**ASSIGNMENT**: Instruction for the data below: set down exactly the lines from the line with "Lemma big_nat_rev_steps (T" to the line with "rewrite subSn //;", inclusive, and no others.

Data entries:
......
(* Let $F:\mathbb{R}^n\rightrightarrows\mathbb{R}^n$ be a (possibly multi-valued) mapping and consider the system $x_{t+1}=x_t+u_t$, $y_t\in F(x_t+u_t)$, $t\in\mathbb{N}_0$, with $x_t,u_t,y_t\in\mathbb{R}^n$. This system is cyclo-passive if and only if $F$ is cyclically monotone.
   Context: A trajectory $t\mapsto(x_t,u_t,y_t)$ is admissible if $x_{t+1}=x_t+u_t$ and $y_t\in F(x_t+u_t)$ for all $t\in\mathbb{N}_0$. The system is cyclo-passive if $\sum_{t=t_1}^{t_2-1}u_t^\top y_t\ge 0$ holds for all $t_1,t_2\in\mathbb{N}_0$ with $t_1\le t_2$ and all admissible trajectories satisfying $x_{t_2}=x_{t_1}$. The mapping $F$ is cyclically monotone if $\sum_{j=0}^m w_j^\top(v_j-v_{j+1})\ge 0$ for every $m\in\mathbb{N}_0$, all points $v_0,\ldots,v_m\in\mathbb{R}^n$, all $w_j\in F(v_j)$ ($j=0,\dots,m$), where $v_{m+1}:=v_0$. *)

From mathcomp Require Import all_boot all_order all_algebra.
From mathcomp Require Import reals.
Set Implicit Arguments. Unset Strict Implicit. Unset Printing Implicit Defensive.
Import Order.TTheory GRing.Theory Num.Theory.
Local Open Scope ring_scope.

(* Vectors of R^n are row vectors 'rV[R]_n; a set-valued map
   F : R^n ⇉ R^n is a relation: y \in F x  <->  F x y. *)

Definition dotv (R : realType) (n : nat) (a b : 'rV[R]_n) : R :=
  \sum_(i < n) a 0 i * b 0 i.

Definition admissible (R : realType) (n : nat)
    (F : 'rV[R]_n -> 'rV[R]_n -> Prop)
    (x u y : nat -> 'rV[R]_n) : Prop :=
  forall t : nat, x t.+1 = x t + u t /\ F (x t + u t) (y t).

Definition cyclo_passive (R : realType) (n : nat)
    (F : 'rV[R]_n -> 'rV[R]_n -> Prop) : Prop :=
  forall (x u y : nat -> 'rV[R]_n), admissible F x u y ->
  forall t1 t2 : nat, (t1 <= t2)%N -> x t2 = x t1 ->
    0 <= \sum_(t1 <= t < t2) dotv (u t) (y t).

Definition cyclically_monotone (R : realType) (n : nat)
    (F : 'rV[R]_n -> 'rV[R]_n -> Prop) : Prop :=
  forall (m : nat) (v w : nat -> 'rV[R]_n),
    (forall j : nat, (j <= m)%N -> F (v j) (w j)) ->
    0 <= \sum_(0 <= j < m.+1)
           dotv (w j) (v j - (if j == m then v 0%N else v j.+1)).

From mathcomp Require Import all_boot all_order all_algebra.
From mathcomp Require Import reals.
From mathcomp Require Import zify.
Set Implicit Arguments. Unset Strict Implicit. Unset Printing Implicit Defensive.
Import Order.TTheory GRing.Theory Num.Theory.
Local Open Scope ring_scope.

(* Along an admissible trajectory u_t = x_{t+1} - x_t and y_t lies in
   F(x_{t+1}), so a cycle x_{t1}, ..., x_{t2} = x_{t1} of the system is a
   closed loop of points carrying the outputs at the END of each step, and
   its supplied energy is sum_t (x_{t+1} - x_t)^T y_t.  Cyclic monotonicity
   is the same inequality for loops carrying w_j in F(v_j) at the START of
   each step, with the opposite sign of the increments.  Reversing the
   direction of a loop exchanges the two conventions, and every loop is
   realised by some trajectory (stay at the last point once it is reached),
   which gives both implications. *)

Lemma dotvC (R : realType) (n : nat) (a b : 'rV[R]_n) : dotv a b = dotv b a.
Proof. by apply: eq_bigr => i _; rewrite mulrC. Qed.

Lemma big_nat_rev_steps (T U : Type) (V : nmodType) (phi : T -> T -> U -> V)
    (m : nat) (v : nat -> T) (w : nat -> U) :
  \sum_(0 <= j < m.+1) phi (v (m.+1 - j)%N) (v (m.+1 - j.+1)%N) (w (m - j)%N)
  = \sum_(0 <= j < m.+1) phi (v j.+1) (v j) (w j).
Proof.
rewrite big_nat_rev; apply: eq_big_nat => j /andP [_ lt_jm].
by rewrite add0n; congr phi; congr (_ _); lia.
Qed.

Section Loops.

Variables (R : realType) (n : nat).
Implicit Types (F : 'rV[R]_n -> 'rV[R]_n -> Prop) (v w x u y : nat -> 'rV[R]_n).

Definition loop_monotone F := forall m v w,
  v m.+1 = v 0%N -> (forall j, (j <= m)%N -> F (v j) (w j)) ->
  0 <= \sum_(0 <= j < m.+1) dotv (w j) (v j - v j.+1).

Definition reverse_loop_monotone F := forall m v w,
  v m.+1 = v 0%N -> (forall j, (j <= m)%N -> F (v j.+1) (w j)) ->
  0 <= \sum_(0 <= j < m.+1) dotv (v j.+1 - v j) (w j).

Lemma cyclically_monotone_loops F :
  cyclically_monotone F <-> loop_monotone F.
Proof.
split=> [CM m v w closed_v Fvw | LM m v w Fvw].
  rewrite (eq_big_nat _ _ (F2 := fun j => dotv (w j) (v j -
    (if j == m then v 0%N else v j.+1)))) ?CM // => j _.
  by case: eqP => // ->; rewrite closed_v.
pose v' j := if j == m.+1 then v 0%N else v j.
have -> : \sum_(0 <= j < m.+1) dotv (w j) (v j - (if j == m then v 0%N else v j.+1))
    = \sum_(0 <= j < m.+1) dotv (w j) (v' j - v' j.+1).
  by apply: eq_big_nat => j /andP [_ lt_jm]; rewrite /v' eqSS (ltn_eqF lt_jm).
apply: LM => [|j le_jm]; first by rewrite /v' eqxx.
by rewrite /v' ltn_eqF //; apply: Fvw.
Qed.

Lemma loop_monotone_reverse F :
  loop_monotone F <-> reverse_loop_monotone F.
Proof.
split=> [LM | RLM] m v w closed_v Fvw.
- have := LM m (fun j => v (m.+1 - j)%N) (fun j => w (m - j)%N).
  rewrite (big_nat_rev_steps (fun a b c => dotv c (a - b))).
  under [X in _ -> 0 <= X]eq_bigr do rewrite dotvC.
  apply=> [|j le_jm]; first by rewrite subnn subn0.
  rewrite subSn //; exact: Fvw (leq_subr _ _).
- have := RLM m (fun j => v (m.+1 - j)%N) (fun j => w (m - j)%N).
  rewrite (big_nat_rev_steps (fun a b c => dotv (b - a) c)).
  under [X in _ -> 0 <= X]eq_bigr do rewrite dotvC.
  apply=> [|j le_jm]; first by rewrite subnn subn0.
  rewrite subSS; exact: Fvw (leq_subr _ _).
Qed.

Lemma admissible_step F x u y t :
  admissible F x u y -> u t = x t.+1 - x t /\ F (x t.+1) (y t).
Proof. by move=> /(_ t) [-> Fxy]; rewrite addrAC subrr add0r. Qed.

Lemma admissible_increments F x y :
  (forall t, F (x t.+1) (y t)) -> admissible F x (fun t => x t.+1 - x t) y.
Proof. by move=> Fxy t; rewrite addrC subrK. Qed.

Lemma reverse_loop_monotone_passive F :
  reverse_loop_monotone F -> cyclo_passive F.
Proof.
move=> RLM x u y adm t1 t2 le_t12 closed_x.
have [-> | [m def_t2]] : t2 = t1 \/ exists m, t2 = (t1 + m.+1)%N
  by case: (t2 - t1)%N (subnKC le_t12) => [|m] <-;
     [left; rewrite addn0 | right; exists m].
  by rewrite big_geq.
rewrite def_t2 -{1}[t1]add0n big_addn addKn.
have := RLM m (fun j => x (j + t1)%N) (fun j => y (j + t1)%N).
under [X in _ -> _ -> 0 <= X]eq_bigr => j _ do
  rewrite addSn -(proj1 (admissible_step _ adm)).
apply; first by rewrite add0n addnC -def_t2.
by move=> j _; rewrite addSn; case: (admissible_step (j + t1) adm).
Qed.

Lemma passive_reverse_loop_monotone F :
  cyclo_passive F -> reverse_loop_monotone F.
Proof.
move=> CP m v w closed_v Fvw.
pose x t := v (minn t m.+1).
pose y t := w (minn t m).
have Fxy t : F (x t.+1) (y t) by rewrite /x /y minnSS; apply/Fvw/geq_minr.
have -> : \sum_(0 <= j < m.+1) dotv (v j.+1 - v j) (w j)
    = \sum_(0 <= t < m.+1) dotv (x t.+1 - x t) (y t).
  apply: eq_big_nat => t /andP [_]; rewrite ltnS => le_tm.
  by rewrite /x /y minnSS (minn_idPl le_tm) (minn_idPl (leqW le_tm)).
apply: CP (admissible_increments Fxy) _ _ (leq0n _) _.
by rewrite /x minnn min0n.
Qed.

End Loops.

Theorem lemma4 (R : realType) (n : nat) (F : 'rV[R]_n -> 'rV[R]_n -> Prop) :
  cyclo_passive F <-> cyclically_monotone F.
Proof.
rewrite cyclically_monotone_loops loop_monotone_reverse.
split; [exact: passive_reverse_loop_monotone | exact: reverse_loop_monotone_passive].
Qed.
......
**TASK ANSWER**:
Lemma big_nat_rev_steps (T U : Type) (V : nmodType) (phi : T -> T -> U -> V)
    (m : nat) (v : nat -> T) (w : nat -> U) :
  \sum_(0 <= j < m.+1) phi (v (m.+1 - j)%N) (v (m.+1 - j.+1)%N) (w (m - j)%N)
  = \sum_(0 <= j < m.+1) phi (v j.+1) (v j) (w j).
Proof.
rewrite big_nat_rev; apply: eq_big_nat => j /andP [_ lt_jm].
by rewrite add0n; congr phi; congr (_ _); lia.
Qed.

Section Loops.

Variables (R : realType) (n : nat).
Implicit Types (F : 'rV[R]_n -> 'rV[R]_n -> Prop) (v w x u y : nat -> 'rV[R]_n).

Definition loop_monotone F := forall m v w,
  v m.+1 = v 0%N -> (forall j, (j <= m)%N -> F (v j) (w j)) ->
  0 <= \sum_(0 <= j < m.+1) dotv (w j) (v j - v j.+1).

Definition reverse_loop_monotone F := forall m v w,
  v m.+1 = v 0%N -> (forall j, (j <= m)%N -> F (v j.+1) (w j)) ->
  0 <= \sum_(0 <= j < m.+1) dotv (v j.+1 - v j) (w j).

Lemma cyclically_monotone_loops F :
  cyclically_monotone F <-> loop_monotone F.
Proof.
split=> [CM m v w closed_v Fvw | LM m v w Fvw].
  rewrite (eq_big_nat _ _ (F2 := fun j => dotv (w j) (v j -
    (if j == m then v 0%N else v j.+1)))) ?CM // => j _.
  by case: eqP => // ->; rewrite closed_v.
pose v' j := if j == m.+1 then v 0%N else v j.
have -> : \sum_(0 <= j < m.+1) dotv (w j) (v j - (if j == m then v 0%N else v j.+1))
    = \sum_(0 <= j < m.+1) dotv (w j) (v' j - v' j.+1).
  by apply: eq_big_nat => j /andP [_ lt_jm]; rewrite /v' eqSS (ltn_eqF lt_jm).
apply: LM => [|j le_jm]; first by rewrite /v' eqxx.
by rewrite /v' ltn_eqF //; apply: Fvw.
Qed.

Lemma loop_monotone_reverse F :
  loop_monotone F <-> reverse_loop_monotone F.
Proof.
split=> [LM | RLM] m v w closed_v Fvw.
- have := LM m (fun j => v (m.+1 - j)%N) (fun j => w (m - j)%N).
  rewrite (big_nat_rev_steps (fun a b c => dotv c (a - b))).
  under [X in _ -> 0 <= X]eq_bigr do rewrite dotvC.
  apply=> [|j le_jm]; first by rewrite subnn subn0.
  rewrite subSn //; exact: Fvw (leq_subr _ _).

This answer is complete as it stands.